Scikit_Learn provides implementation of train-test-split using the function [`train-test-split()](https://scikit-learn.org/stable/modules/generated/sklearn.model_selection.train_test_split.html)`. It splits arrays or matrices into random train and test subsets.

`train_test_split(*arrays, test_size=None, train_size=None, random_state=None, shuffle=True, stratify=None)`

`*arrays`: It can be lists, numpy arrays, scipy-sparse matrices or pandas dataframes.

`test_size`: defines the size of test set. If you give a float value, it should be be between 0.0 and 1.0 and represent the proportion of the dataset to include in the test split. If int, represents the absolute number of test samples. If None, the value is set to the complement of the train size. If train_size is also None, it will be set to default value 0.25.

`train_size`: defines the size of train set. If float, should be between 0.0 and 1.0 and represent the proportion of the dataset to include in the train split. If int, represents the absolute number of train samples. If None, the value is automatically set to the complement of the test size.

`random_state`: Controls the shuffling applied to the data before applying the split. Pass an int for reproducible output across multiple function calls.

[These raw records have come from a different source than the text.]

(* Let $P,PA$ be labelings and $c$ a command with $P;PA\vdash_{\mathtt{true}}c$, and let $\rho_1\sim_P\rho_2$, $\mu_1\sim_{PA}\mu_2$. If $\langle c,\rho_1,\mu_1\rangle\approx\langle c,\rho_2,\mu_2\rangle$, then $\langle c,\rho_1,\mu_1,\mathtt{false}\rangle\approx_i\langle c,\rho_2,\mu_2,\mathtt{false}\rangle$, i.e., for every directive list $D$ and observation lists $O_1,O_2$, if $\langle c,\rho_k,\mu_k,\mathtt{false}\rangle\xrightarrow[D]{O_k}{}_i^*$ some configuration for $k=1,2$ (ideal semantics w.r.t. $P$), then $O_1=O_2$.
   Context: Language AWhile: scalar variables $X\in\mathcal V$, arrays $a\in\mathcal A$; $e::=n\mid X\mid\mathrm{op}_{\mathbb N}(e,\dots,e)\mid be\,?\,e_1:e_2$; $be::=\mathtt{true}\mid\mathtt{false}\mid\mathrm{cmp}(e,e)\mid\mathrm{op}_{\mathbb B}(be,\dots,be)$; $c::=\mathtt{skip}\mid X:=e\mid c_1;c_2\mid\mathtt{if}\ be\ \mathtt{then}\ c_1\ \mathtt{else}\ c_2\mid\mathtt{while}\ be\ \mathtt{do}\ c\mid X\leftarrow a[e]\mid a[e]\leftarrow e'$. Scalar state $\rho:\mathcal V\to\mathbb N$; array state $\mu$ with sizes $|a|_\mu$ and values $\mu(a)[i]$; $[\![\cdot]\!]_\rho$ pure evaluation. Sequential semantics: steps $\langle c,\rho,\mu\rangle\xrightarrow{o}\langle c',\rho',\mu'\rangle$ with optional observation: $X:=e\to\mathtt{skip}$ updating $X$; $c_1;c_2\xrightarrow{o}c_1';c_2$ if $c_1\xrightarrow{o}c_1'$; $\mathtt{skip};c\to c$; conditional goes to branch $v=[\![be]\!]_\rho$ observing $\mathrm{branch}(v)$; $\mathtt{while}\ be\ \mathtt{do}\ c\to\mathtt{if}\ be\ \mathtt{then}\ (c;\mathtt{while}\ be\ \mathtt{do}\ c)\ \mathtt{else}\ \mathtt{skip}$; $X\leftarrow a[ie]$ with $i=[\![ie]\!]_\rho<|a|_\mu$ sets $X:=\mu(a)[i]$ observing $\mathrm{read}(a,i)$; $a[ie]\leftarrow e$ with $i<|a|_\mu$ sets $\mu[a[i]\mapsto[\![e]\!]_\rho]$ observing $\mathrm{write}(a,i)$. $\langle c_1,\rho_1,\mu_1\rangle\approx\langle c_2,\rho_2,\mu_2\rangle$ iff for all multi-step executions $\langle c_k,\rho_k,\mu_k\rangle\xrightarrow{O_k}{}^*$ (any prefix), one of $O_1,O_2$ is a prefix of the other. Labels: $\mathtt{true}$=public, $\mathtt{false}$=secret; $\ell_1\sqsubseteq\ell_2$ iff $\ell_2=\mathtt{true}\Rightarrow\ell_1=\mathtt{true}$; $\ell_1\sqcup\ell_2=\ell_1\wedge\ell_2$. $P(e),P(be)$ public iff all variables occurring are public. $\rho_1\sim_P\rho_2$ iff agreement on public scalar variables; $\mu_1\sim_{PA}\mu_2$ iff agreement on sizes and contents of public arrays. IFC typing $P;PA\vdash_{pc}c$: $\mathtt{skip}$; $X:=e$ if $pc\sqcup P(e)\sqsubseteq P(X)$; $c_1;c_2$ if both typed under $pc$; $\mathtt{if}$ if both branches typed under $pc\sqcup P(be)$; $\mathtt{while}$ if body typed under $pc\sqcup P(be)$; $X\leftarrow a[i]$ if $pc\sqcup P(i)\sqcup PA(a)\sqsubseteq P(X)$; $a[i]\leftarrow e$ if $pc\sqcup P(i)\sqcup P(e)\sqsubseteq PA(a)$. Ideal semantics w.r.t. $P$: configurations $\langle c,\rho,\mu,\beta\rangle$; steps with optional observation and optional directive $d\in\{\mathit{step},\mathit{force},\mathrm{load}(a',j),\mathrm{store}(a',j)\}$. Non-observing rules as sequentially (flag kept, no directive). Conditional: $v=(P(be)\vee\neg\beta)\wedge[\![be]\!]_\rho$; $\mathit{step}$ goes to branch $v$; $\mathit{force}$ goes to branch $\neg v$ and sets $\beta:=\mathtt{true}$; obs $\mathrm{branch}(v)$. Read $X\leftarrow a[ie]$ with $\mathit{step}$: $i=0$ if $(P(ie)=\mathtt{false}\vee P(X)=\mathtt{true})\wedge\beta$, else $[\![ie]\!]_\rho$; requires $i<|a|_\mu$; $X:=\mu(a)[i]$; obs $\mathrm{read}(a,i)$. Read with $\mathrm{load}(a',j)$: requires $\beta=\mathtt{true}$, $P(ie)=\mathtt{true}$, $P(X)=\mathtt{false}$, $i=[\![ie]\!]_\rho\ge|a|_\mu$, $j<|a'|_\mu$; $X:=\mu(a')[j]$; obs $\mathrm{read}(a,i)$. Write $a[ie]\leftarrow ae$ with $\mathit{step}$: $i=0$ if $(P(ie)=\mathtt{false}\vee P(ae)=\mathtt{false})\wedge\beta$, else $[\![ie]\!]_\rho$; requires $i<|a|_\mu$; $\mu[a[i]\mapsto[\![ae]\!]_\rho]$; obs $\mathrm{write}(a,i)$. Write with $\mathrm{store}(a',j)$: requires $\beta=\mathtt{true}$, $P(ie)=P(ae)=\mathtt{true}$, $i\ge|a|_\mu$, $j<|a'|_\mu$; $\mu[a'[j]\mapsto[\![ae]\!]_\rho]$; obs $\mathrm{write}(a,i)$. Multi-step $\xrightarrow[D]{O}{}_i^*$ collects directives and observations. *)

From mathcomp Require Import all_boot.
Set Implicit Arguments.
Unset Strict Implicit.
Unset Printing Implicit Defensive.

Definition var := nat.
Definition arr := nat.

(* expressions: op_N and op_B are arbitrary n-ary operations, cmp an arbitrary
   binary comparison *)
Inductive aexp : Type :=
| ANum  (n : nat)
| AVar  (x : var)
| AOp   (f : seq nat -> nat) (es : seq aexp)
| ACond (b : bexp) (e1 e2 : aexp)
with bexp : Type :=
| BTrue
| BFalse
| BCmp (f : nat -> nat -> bool) (e1 e2 : aexp)
| BOp  (f : seq bool -> bool) (bs : seq bexp).

Inductive com : Type :=
| Skip
| Assign (x : var) (e : aexp)
| Seq    (c1 c2 : com)
| If     (b : bexp) (c1 c2 : com)
| While  (b : bexp) (c : com)
| Read   (x : var) (a : arr) (ie : aexp)
| Write  (a : arr) (ie : aexp) (e : aexp).

Definition sstate := var -> nat.
Definition astate := arr -> seq nat.              (* mu: |a| = size (mu a), mu(a)[i] = nth 0 (mu a) i *)

Definition upd (rho : sstate) (x : var) (v : nat) : sstate :=
  fun y => if y == x then v else rho y.
Definition asize (mu : astate) (a : arr) : nat := size (mu a).
Definition aget (mu : astate) (a : arr) (i : nat) : nat := nth 0 (mu a) i.
Definition aupd (mu : astate) (a : arr) (i v : nat) : astate :=
  fun b => if b == a then set_nth 0 (mu a) i v else mu b.

Fixpoint aeval (rho : sstate) (e : aexp) : nat :=
  match e with
  | ANum n => n
  | AVar x => rho x
  | AOp f es => f (map (aeval rho) es)
  | ACond b e1 e2 => if beval rho b then aeval rho e1 else aeval rho e2
  end
with beval (rho : sstate) (b : bexp) : bool :=
  match b with
  | BTrue => true
  | BFalse => false
  | BCmp f e1 e2 => f (aeval rho e1) (aeval rho e2)
  | BOp f bs => f (map (beval rho) bs)
  end.

(* labels: true = public, false = secret *)
Definition label := bool.
Definition lflow (l1 l2 : label) : Prop := l2 = true -> l1 = true.
Definition ljoin (l1 l2 : label) : label := l1 && l2.

Fixpoint alab (P : var -> label) (e : aexp) : label :=
  match e with
  | ANum _ => true
  | AVar x => P x
  | AOp _ es => all (alab P) es
  | ACond b e1 e2 => [&& blab P b, alab P e1 & alab P e2]
  end
with blab (P : var -> label) (b : bexp) : label :=
  match b with
  | BTrue => true
  | BFalse => true
  | BCmp _ e1 e2 => alab P e1 && alab P e2
  | BOp _ bs => all (blab P) bs
  end.

Definition sagree (P : var -> label) (rho1 rho2 : sstate) : Prop :=
  forall x, P x = true -> rho1 x = rho2 x.
(* agreement on sizes and contents of public arrays *)
Definition aagree (PA : arr -> label) (mu1 mu2 : astate) : Prop :=
  forall a, PA a = true -> mu1 a = mu2 a.

Inductive obs : Type :=
| OBranch (v : bool)
| ORead   (a : arr) (i : nat)
| OWrite  (a : arr) (i : nat).

Inductive dir : Type :=
| DStep
| DForce
| DLoad  (a : arr) (j : nat)
| DStore (a : arr) (j : nat).

Definition ocons {T} (o : option T) (l : seq T) : seq T :=
  match o with Some x => x :: l | None => l end.

Inductive sstep : com -> sstate -> astate -> option obs -> com -> sstate -> astate -> Prop :=
| SAssign x e rho mu :
    sstep (Assign x e) rho mu None Skip (upd rho x (aeval rho e)) mu
| SSeq c1 c1' c2 rho mu o rho' mu' :
    sstep c1 rho mu o c1' rho' mu' ->
    sstep (Seq c1 c2) rho mu o (Seq c1' c2) rho' mu'
| SSeqSkip c rho mu :
    sstep (Seq Skip c) rho mu None c rho mu
| SIf b c1 c2 rho mu :
    let v := beval rho b in
    sstep (If b c1 c2) rho mu (Some (OBranch v)) (if v then c1 else c2) rho mu
| SWhile b c rho mu :
    sstep (While b c) rho mu None (If b (Seq c (While b c)) Skip) rho mu
| SRead x a ie rho mu :
    let i := aeval rho ie in
    i < asize mu a ->
    sstep (Read x a ie) rho mu (Some (ORead a i)) Skip (upd rho x (aget mu a i)) mu
| SWrite a ie e rho mu :
    let i := aeval rho ie in
    i < asize mu a ->
    sstep (Write a ie e) rho mu (Some (OWrite a i)) Skip rho (aupd mu a i (aeval rho e)).

Inductive smulti : com -> sstate -> astate -> seq obs -> com -> sstate -> astate -> Prop :=
| SMRefl c rho mu : smulti c rho mu [::] c rho mu
| SMStep c rho mu o c' rho' mu' O c'' rho'' mu'' :
    sstep c rho mu o c' rho' mu' ->
    smulti c' rho' mu' O c'' rho'' mu'' ->
    smulti c rho mu (ocons o O) c'' rho'' mu''.

Definition prefix {T} (l1 l2 : seq T) : Prop := exists l, l2 = l1 ++ l.

Definition sequiv (c1 : com) (rho1 : sstate) (mu1 : astate)
                  (c2 : com) (rho2 : sstate) (mu2 : astate) : Prop :=
  forall O1 c1' rho1' mu1' O2 c2' rho2' mu2',
    smulti c1 rho1 mu1 O1 c1' rho1' mu1' ->
    smulti c2 rho2 mu2 O2 c2' rho2' mu2' ->
    prefix O1 O2 \/ prefix O2 O1.

Inductive typed (P : var -> label) (PA : arr -> label) : label -> com -> Prop :=
| TSkip pc : typed P PA pc Skip
| TAssign pc x e :
    lflow (ljoin pc (alab P e)) (P x) -> typed P PA pc (Assign x e)
| TSeq pc c1 c2 :
    typed P PA pc c1 -> typed P PA pc c2 -> typed P PA pc (Seq c1 c2)
| TIf pc b c1 c2 :
    typed P PA (ljoin pc (blab P b)) c1 -> typed P PA (ljoin pc (blab P b)) c2 ->
    typed P PA pc (If b c1 c2)
| TWhile pc b c :
    typed P PA (ljoin pc (blab P b)) c -> typed P PA pc (While b c)
| TRead pc x a ie :
    lflow (ljoin (ljoin pc (alab P ie)) (PA a)) (P x) -> typed P PA pc (Read x a ie)
| TWrite pc a ie e :
    lflow (ljoin (ljoin pc (alab P ie)) (alab P e)) (PA a) -> typed P PA pc (Write a ie e).

Inductive istep (P : var -> label) :
  com -> sstate -> astate -> bool -> option obs -> option dir ->
  com -> sstate -> astate -> bool -> Prop :=
| IAssign x e rho mu beta :
    istep P (Assign x e) rho mu beta None None Skip (upd rho x (aeval rho e)) mu beta
| ISeq c1 c1' c2 rho mu beta o d rho' mu' beta' :
    istep P c1 rho mu beta o d c1' rho' mu' beta' ->
    istep P (Seq c1 c2) rho mu beta o d (Seq c1' c2) rho' mu' beta'
| ISeqSkip c rho mu beta :
    istep P (Seq Skip c) rho mu beta None None c rho mu beta
| IWhile b c rho mu beta :
    istep P (While b c) rho mu beta None None (If b (Seq c (While b c)) Skip) rho mu beta
| IIfStep b c1 c2 rho mu beta :
    let v := (blab P b || ~~ beta) && beval rho b in
    istep P (If b c1 c2) rho mu beta (Some (OBranch v)) (Some DStep)
          (if v then c1 else c2) rho mu beta
| IIfForce b c1 c2 rho mu beta :
    let v := (blab P b || ~~ beta) && beval rho b in
    istep P (If b c1 c2) rho mu beta (Some (OBranch v)) (Some DForce)
          (if ~~ v then c1 else c2) rho mu true
| IReadStep x a ie rho mu beta :
    let i := if (~~ alab P ie || P x) && beta then 0 else aeval rho ie in
    i < asize mu a ->
    istep P (Read x a ie) rho mu beta (Some (ORead a i)) (Some DStep)
          Skip (upd rho x (aget mu a i)) mu beta
| IReadLoad x a ie rho mu beta a' j :
    let i := aeval rho ie in
    beta = true -> alab P ie = true -> P x = false ->
    asize mu a <= i -> j < asize mu a' ->
    istep P (Read x a ie) rho mu beta (Some (ORead a i)) (Some (DLoad a' j))
          Skip (upd rho x (aget mu a' j)) mu beta
| IWriteStep a ie e rho mu beta :
    let i := if (~~ alab P ie || ~~ alab P e) && beta then 0 else aeval rho ie in
    i < asize mu a ->
    istep P (Write a ie e) rho mu beta (Some (OWrite a i)) (Some DStep)
          Skip rho (aupd mu a i (aeval rho e)) beta
| IWriteStore a ie e rho mu beta a' j :
    let i := aeval rho ie in
    beta = true -> alab P ie = true -> alab P e = true ->
    asize mu a <= i -> j < asize mu a' ->
    istep P (Write a ie e) rho mu beta (Some (OWrite a i)) (Some (DStore a' j))
          Skip rho (aupd mu a' j (aeval rho e)) beta.

Inductive imulti (P : var -> label) :
  com -> sstate -> astate -> bool -> seq dir -> seq obs ->
  com -> sstate -> astate -> bool -> Prop :=
| IMRefl c rho mu beta : imulti P c rho mu beta [::] [::] c rho mu beta
| IMStep c rho mu beta o d c' rho' mu' beta' D O c'' rho'' mu'' beta'' :
    istep P c rho mu beta o d c' rho' mu' beta' ->
    imulti P c' rho' mu' beta' D O c'' rho'' mu'' beta'' ->
    imulti P c rho mu beta (ocons d D) (ocons o O) c'' rho'' mu'' beta''.

Definition iequiv (P : var -> label) (c1 : com) (rho1 : sstate) (mu1 : astate) (b1 : bool)
                  (c2 : com) (rho2 : sstate) (mu2 : astate) (b2 : bool) : Prop :=
  forall D O1 c1' rho1' mu1' b1' O2 c2' rho2' mu2' b2',
    imulti P c1 rho1 mu1 b1 D O1 c1' rho1' mu1' b1' ->
    imulti P c2 rho2 mu2 b2 D O2 c2' rho2' mu2' b2' ->
    O1 = O2.

From mathcomp Require Import all_boot.
Set Implicit Arguments.
Unset Strict Implicit.
Unset Printing Implicit Defensive.

(* Run the two ideal executions in lockstep under the same directives.  Before
   speculation starts, an ideal step is a sequential step, so sequential
   equivalence forces equal observations and is inherited by the successor
   configurations.  Once speculating, the ideal semantics masks every secret
   branch condition and secret array index, so observations depend on public
   data only.  In both modes the pc-free part of the typing (public variables
   and arrays only receive public data) keeps the two states in agreement on
   public data, hence the observations coincide. *)

Section Agreement.
Variables (P : var -> label) (rho1 rho2 : sstate).
Hypothesis Hrho : sagree P rho1 rho2.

`shuffle`: Whether or not to shuffle the data before splitting. If shuffle=False then stratify must be None.

`stratify`: If not None, data is split in a stratified fashion, using this as the class labels.

Before using the function, you need to first import `train_test_split`

In [3]:
from sklearn.model_selection import train_test_split


There are two ways you can do split:
1. Split the entire dataset by loading dataset as input on the `train_test_split` function.
2. Split the dataset into input (X) and output (y) columns, then use the `train_test_split` function and pass the X and y values as inputs

In [4]:
# First method of splitting the entire dataset into two subsets, train and test
train, test = train_test_split(data, test_size=0.2, random_state=1)
print(train.shape, test.shape)

(1070, 7) (268, 7)


For the second and most common method, we need to first split the original dataset into inputs X and output y. Then apply train test split.


In [5]:
# prepare X and y
X = data.iloc[:, :-1].values #independent variables
y = data.iloc[:,-1].values #dependent variable
print("Shape of X:",X.shape)
print("Shape of y:",y.shape)

Shape of X: (1338, 6)
Shape of y: (1338,)


In [6]:
# train test split
X_train, X_test, y_train, y_test = train_test_split(X, y, test_size=0.2, random_state=1)
print("shape of original dataset :", data.shape)
print("shape of X_train", X_train.shape)
print("shape of y_train", y_train.shape)
print("shape of X_test", X_test.shape)
print("shape of y_test", y_test.shape)

shape of original dataset : (1338, 7)
shape of X_train (1070, 6)
shape of y_train (1070,)
shape of X_test (268, 6)
shape of y_test (268,)


An important thing to note is that the splitting of dataset is random by default. To make the results reproducible across multiple function calls, you need to set the parameter `random_state`. The value of `random_state` is not important.

After train test split you can proceed with modelling.